Wed Apr 10 15:16:40 2013
Waiting FOR instances TO leave:
2

The cause of the problem can be easily analyzed according to the error message. The IP address on node 2 was modified, causing abnormal heartbeat communication. Node 1 tried to kick node 2 out of the cluster, but could not communicate with node 2, so it had to wait for node 2 to restart.

Check the operating system log of Node 2 to get the following main information:

Apr 10 15:00:04 IP: [ID 482227 Kern. notice] IP_arp_done: Init failed
Had[4135]: [ID 702911 daemon.notice] VCS CRITICAL
CPU usage ON bj-sst IS 92%
sshd[13485]:error: Failed TO allocate internet-DOMAIN X11 display socket.
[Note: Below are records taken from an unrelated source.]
Lemma inLN n a u : inL n a u -> inL n a (- u).
Proof.
move=> [m [mM cu]]; exists (- m).
by rewrite coordN cu mulrN; split=> //; apply: in_MnN.
Qed.

Definition stabilizes_L n a (d : Lam n -> Lam n) : Prop :=
  forall w, (exists l, inL n a l /\ w = d l) <-> inL n a w.

Lemma stabilizes_L_id n a : stabilizes_L a (@id (Lam n)).
Proof. by move=> w; split=> [[l [lL ->]] | wL] //; exists w. Qed.

Lemma stabilizes_L_comp n a (f g : Lam n -> Lam n) :
  stabilizes_L a f -> stabilizes_L a g -> stabilizes_L a (f \o g).
Proof.
move=> fL gL w; rewrite -fL; split=> [[l [lL ->]] | [l [lL ->]]].
  by exists (g l); split=> //; apply/gL; exists l.
by have [l' [l'L ->]] := (gL l).2 lL; exists l'.
Qed.

Lemma permutes_colors_affine n a (d g : Lam n -> Lam n) y :
  {morph d : u v / u + v} -> stabilizes_L a d -> (forall v, g v = d v + y) ->
  permutes_colors n a g.
Proof.
move=> dD dL gE x; exists (d x + y) => w.
split=> [[l [lL ->]] | [l [lL ->]]].
  by exists (d l); split; [apply/dL; exists l | rewrite gE dD addrAC].
have [l' [l'L ->]] := (dL l).2 lL.
by exists l'; rewrite gE dD addrAC.
Qed.

Lemma stabilizes_L_of_permutes_colors n a (g : Lam n -> Lam n) :
  permutes_colors n a g -> inL n a (g 0) -> stabilizes_L a g.
Proof.
move=> gP g0L; have [x' x'E] := gP 0.
have /x'E [l [lL g0E]] : exists l, inL n a l /\ g 0 = g (0 + l).
  by exists 0; rewrite add0r; split=> //; apply/inL_coord0/coord0.
have x'L : inL n a x'.
  by rewrite -[x'](addrK l) -g0E; apply: inLD g0L (inLN lL).
move=> w; split=> [[l' [l'L ->]] | wL].
  have [|l'' [l''L ->]] := (x'E (g l')).1; last exact: inLD.
  by exists l'; rewrite add0r.
have [|l' [l'L ->]] := (x'E w).2; last by exists l'; rewrite add0r.
by exists (w - x'); rewrite subrKC; split=> //; apply: inLD wL (inLN x'L).
Qed.

Lemma induced_additive n (h : algC -> algC) (f : Lam n -> Lam n) : (0 < n)%N ->
  {morph h : x y / x + y} -> induced_by n h f -> {morph f : u v / u + v}.
Proof.
by move=> n_gt0 hD fE u v; apply: (coord_inj n_gt0); rewrite coordD !fE coordD hD.
Qed.

Lemma induced_unity_mul_stabilizes n a z k (f : Lam n -> Lam n) :
  (0 < n)%N -> in_Mn n z -> (0 < k)%N -> z ^+ k = 1 ->
  induced_by n (fun x => z * x) f -> stabilizes_L a f.
Proof.
move=> n_gt0 zM k_gt0 zk fE.
have fL l : inL n a l -> inL n a (f l).
  move=> [m [mM cl]]; exists (z * m).
  by rewrite fE cl mulrCA; split=> //; apply: in_MnM.
have iter_fE j v : Defs.coord n (iter j f v) = z ^+ j * Defs.coord n v.
  by elim: j => [|j IHj]; rewrite ?mul1r // iterS fE IHj exprS mulrA.
move=> w; split=> [[l [lL ->]] | wL]; first exact: fL.
exists (iter k.-1 f w); split; first by elim: k.-1 => //= j; apply: fL.
by apply: (coord_inj n_gt0); rewrite -iterS prednK // iter_fE zk mul1r.
Qed.

Lemma inDN_additive n (d : Lam n -> Lam n) : (0 < n)%N -> inDN n d ->
  {morph d : u v / u + v}.
Proof.
move=> n_gt0; elim=> {d} [// | f g fE _ gD | f g fE _ gD] u v /=.
  by rewrite gD (induced_additive n_gt0 _ fE) // => x y; rewrite mulrDr.
by rewrite gD (induced_additive n_gt0 _ fE) // => x y; rewrite rmorphD.
Qed.

Lemma inDN_stabilizes n a (d : Lam n -> Lam n) : (0 < n)%N ->
  (forall f, is_phi2 n f -> stabilizes_L a f) -> inDN n d -> stabilizes_L a d.
Proof.
move=> n_gt0 phi2L.
elim=> {d} [|f g fE _ gL|f g fE _ gL]; first exact: stabilizes_L_id.
  apply: stabilizes_L_comp gL.
  exact: induced_unity_mul_stabilizes n_gt0 (zetaN_in_Mn n_gt0) (Nof_gt0 n_gt0)
    (zetaN_Nof n_gt0) fE.
by apply: stabilizes_L_comp gL; apply: phi2L.
Qed.

Theorem theorem3p1p2 (n : nat) (hn : n \in pid_list) (a : algC)
  (ha : in_Mn n a) (hfin : finite_index n a) :
  (forall g : Lam n -> Lam n, inH n a g <-> inG n g) <->
  (forall f : Lam n -> Lam n, is_phi2 n f ->
     forall w : Lam n, (exists l, inL n a l /\ w = f l) <-> inL n a w).
Proof.
have n_gt0 : (0 < n)%N by move: hn; apply/allP.
split=> [HG f fE | phi2L g].
  have /HG [_ fP] : inG n f.
    by exists 0, (f \o id); split=> [|v]; [apply: DN_phi2 fE (DN_id n) | rewrite addr0].
  apply: stabilizes_L_of_permutes_colors fP _.
  by apply: inL_coord0; rewrite fE coord0 rmorph0.
split=> [[] // | gG]; split=> //.
have [y [d [dDN gE]]] := gG.
exact: permutes_colors_affine (inDN_additive n_gt0 dDN)
  (inDN_stabilizes n_gt0 phi2L dDN) gE.
Qed.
The IP_arp_done: init failed message appeared at 15:04 seconds, indicating that the host name information was used when setting up the network card interface, and the IP address of the host was modified online.
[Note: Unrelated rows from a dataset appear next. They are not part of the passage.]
(* Let $\mathbb{K}$ be a field with $1+1\neq0$. Any two non-zero symmetric $2\times2$ matrices $P,Q$ over $\mathbb{K}$ with the same determinant are geometrically equivalent over $\mathbb{K}$, i.e. there is $A\in\mathrm{GL}_2(\mathbb{K})$ with $P=A^tQA/|A|$.
   Context: $|A|$ denotes the determinant of $A$ and $\mathrm{GL}_2(\mathbb{K})$ the group of invertible $2\times2$ matrices over $\mathbb{K}$. *)

From HB Require Import structures.
From mathcomp Require Import all_boot all_order all_algebra.
Set Implicit Arguments. Unset Strict Implicit. Unset Printing Implicit Defensive.
Import GRing.Theory.
Local Open Scope ring_scope.

Definition geom_equiv (K : fieldType) (P Q : 'M[K]_2) : Prop :=
  exists A : 'M[K]_2, A \in unitmx /\ P = (\det A)^-1 *: (A^T *m Q *m A).

(* Geometric equivalence is an equivalence relation, so it suffices to bring
   every non-zero symmetric S = [[a, b], [b, c]] to the normal form
   diag(-1, -|S|).  If a != 0, completing the square with C = [[1, b], [0, -a]]
   gives C^t S C = diag(a, a |S|) with |C| = -a; the case c != 0 is symmetric,
   and if a = c = 0 then C = [[1, b], [1, -b]] gives C^t S C = diag(2b, -2b^3)
   with |C| = -2b, which is where 1 + 1 != 0 is needed. *)

From HB Require Import structures.
From mathcomp Require Import all_boot all_order all_algebra.
From mathcomp Require Import ring.
Import GRing.Theory.
Local Open Scope ring_scope.
Set Implicit Arguments. Unset Strict Implicit.

Section GeomEquiv.
Variable K : fieldType.
Implicit Types P Q R A : 'M[K]_2.

Lemma geom_equivW P Q A :
  \det A != 0 -> P = (\det A)^-1 *: (A^T *m Q *m A) -> geom_equiv P Q.
Proof. by move=> dA ->; exists A; rewrite unitmxE unitfE. Qed.

Lemma geom_equiv_sym P Q : geom_equiv P Q -> geom_equiv Q P.
Proof.
move=> [A [uA ->]]; have dA : \det A != 0 by rewrite -unitfE -unitmxE.
apply: (@geom_equivW _ _ (invmx A)); first by rewrite det_inv invr_eq0.
rewrite det_inv invrK -scalemxAr -scalemxAl scalerA mulfV // scale1r.
by rewrite !mulmxA -trmx_mul mulmxV // trmx1 mul1mx -mulmxA mulmxV // mulmx1.
Qed.

Lemma geom_equiv_trans P Q R :
  geom_equiv P Q -> geom_equiv Q R -> geom_equiv P R.
Proof.
move=> [A [uA ->]] [B [uB ->]].
exists (B *m A); split; first by rewrite unitmx_mul uB uA.
rewrite det_mulmx trmx_mul -scalemxAr -scalemxAl scalerA !mulmxA.
by rewrite invfM mulrC.
Qed.

End GeomEquiv.

Section Matrix2.
Variable K : fieldType.

Definition mx22 (a b c d : K) : 'M[K]_2 :=
  \matrix_(i, j) if i == 0 then (if j == 0 then a else b)
                 else (if j == 0 then c else d).

Lemma mx22E (A : 'M[K]_2) : A = mx22 (A 0 0) (A 0 1) (A 1 0) (A 1 1).
Proof.
apply/matrixP => i j; rewrite !mxE.
by case: i => [[|[|//]] Hi]; case: j => [[|[|//]] Hj] /=; congr (A _ _); apply: val_inj.
Qed.

Lemma sym_mx22E (S : 'M[K]_2) :
  S^T = S -> S = mx22 (S 0 0) (S 0 1) (S 0 1) (S 1 1).
Proof. by move=> sS; rewrite {1}(mx22E S) -{3}sS mxE. Qed.

Lemma det_mx22 a b c d : \det (mx22 a b c d) = a * d - b * c.
Proof.
rewrite (expand_det_row _ 0) !big_ord_recl big_ord0 /cofactor !det_mx11 !mxE /=.
by rewrite !expr0 expr1; ring.
Qed.

Lemma mul_mx22 a b c d a' b' c' d' :
  mx22 a b c d *m mx22 a' b' c' d' =
  mx22 (a * a' + b * c') (a * b' + b * d') (c * a' + d * c') (c * b' + d * d').
Proof.
apply/matrixP => i j; rewrite !mxE !big_ord_recl big_ord0 !mxE /=.
by case: i => [[|[|//]] Hi]; case: j => [[|[|//]] Hj] /=; ring.
Qed.

Lemma tr_mx22 a b c d : (mx22 a b c d)^T = mx22 a c b d.
Proof.
apply/matrixP => i j; rewrite !mxE.
by case: i => [[|[|//]] Hi]; case: j => [[|[|//]] Hj].
Qed.

Lemma scale_mx22 k a b c d : k *: mx22 a b c d = mx22 (k * a) (k * b) (k * c) (k * d).
Proof.
apply/matrixP => i j; rewrite !mxE.
by case: i => [[|[|//]] Hi]; case: j => [[|[|//]] Hj].
Qed.

Lemma mx22_eq0 a b c d :
  (mx22 a b c d == 0) = [&& a == 0, b == 0, c == 0 & d == 0].
Proof.
apply/eqP/and4P => [/matrixP E | [/eqP-> /eqP-> /eqP-> /eqP->]].
  by move: (E 0 0) (E 0 1) (E 1 0) (E 1 1); rewrite !mxE /= => -> -> -> ->.
by apply/matrixP => i j; rewrite !mxE; case: ifP; case: ifP.
Qed.

End Matrix2.

Section NormalForm.
Variables (K : fieldType) (two_neq0 : (1 + 1 : K) != 0).

Definition geom_normal (d : K) : 'M[K]_2 := mx22 (-1) 0 0 (- d).

Lemma geom_equiv_normal_mx22 a b c : mx22 a b b c != 0 ->
  geom_equiv (geom_normal (a * c - b * b)) (mx22 a b b c).
Proof.
move=> S_neq0; rewrite /geom_normal.
have [a0|a_neq0] := eqVneq a 0; last first.
  apply: (@geom_equivW _ _ _ (mx22 1 b 0 (- a))).
    by rewrite det_mx22 mulr0 subr0 mul1r oppr_eq0.
  rewrite det_mx22 tr_mx22 !mul_mx22 scale_mx22.
  by congr mx22; field; rewrite oppr_eq0.
have [c0|c_neq0] := eqVneq c 0; last first.
  apply: (@geom_equivW _ _ _ (mx22 0 c 1 (- b))).
    by rewrite det_mx22 mul0r mulr1 sub0r oppr_eq0.
  rewrite det_mx22 tr_mx22 !mul_mx22 scale_mx22.
  by congr mx22; field; rewrite oppr_eq0.
have b_neq0 : b != 0.
  by apply: contra S_neq0 => /eqP b0; rewrite mx22_eq0 a0 b0 c0 eqxx.
subst a c.
have bb_neq0 : b + b != 0 by rewrite -[b]mulr1 -mulrDr mulf_neq0.
apply: (@geom_equivW _ _ _ (mx22 1 b 1 (- b))).
  by rewrite det_mx22 mul1r mulr1 -opprD oppr_eq0.
rewrite det_mx22 tr_mx22 !mul_mx22 scale_mx22.
by congr mx22; field; rewrite -opprD oppr_eq0.
Qed.

Lemma geom_equiv_normal (S : 'M[K]_2) : S^T = S -> S != 0 ->
  geom_equiv (geom_normal (\det S)) S.
Proof.
move=> sS; rewrite (sym_mx22E sS) det_mx22.
exact: geom_equiv_normal_mx22.
Qed.

End NormalForm.

Unset Implicit Arguments.
Theorem theorem5p12 (K : fieldType) (h2 : (1 + 1 : K) != 0)
  (P Q : 'M[K]_2) (hPs : P^T = P) (hQs : Q^T = Q)
  (hP0 : P != 0) (hQ0 : Q != 0) (hdet : \det P = \det Q) :
  geom_equiv P Q.
Proof.
apply: (@geom_equiv_trans _ _ (geom_normal (\det P))).
  exact: geom_equiv_sym (geom_equiv_normal h2 hPs hP0).
by rewrite hdet; apply: geom_equiv_normal.
Qed.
Finally, according to HISTORY, it was found that someone logged into the system through root:

Execute ifconfig — a6 to check the IPV6 address, but the command is typed incorrectly
Ifconfig — A 6 is executed, with an extra space between A and 6
Causes all IP addresses of the host to be set to 0.0.0.0

Thus causes the above whole fault, a blank causes the whole cluster to crash instantly, this is the blood case that a blank causes.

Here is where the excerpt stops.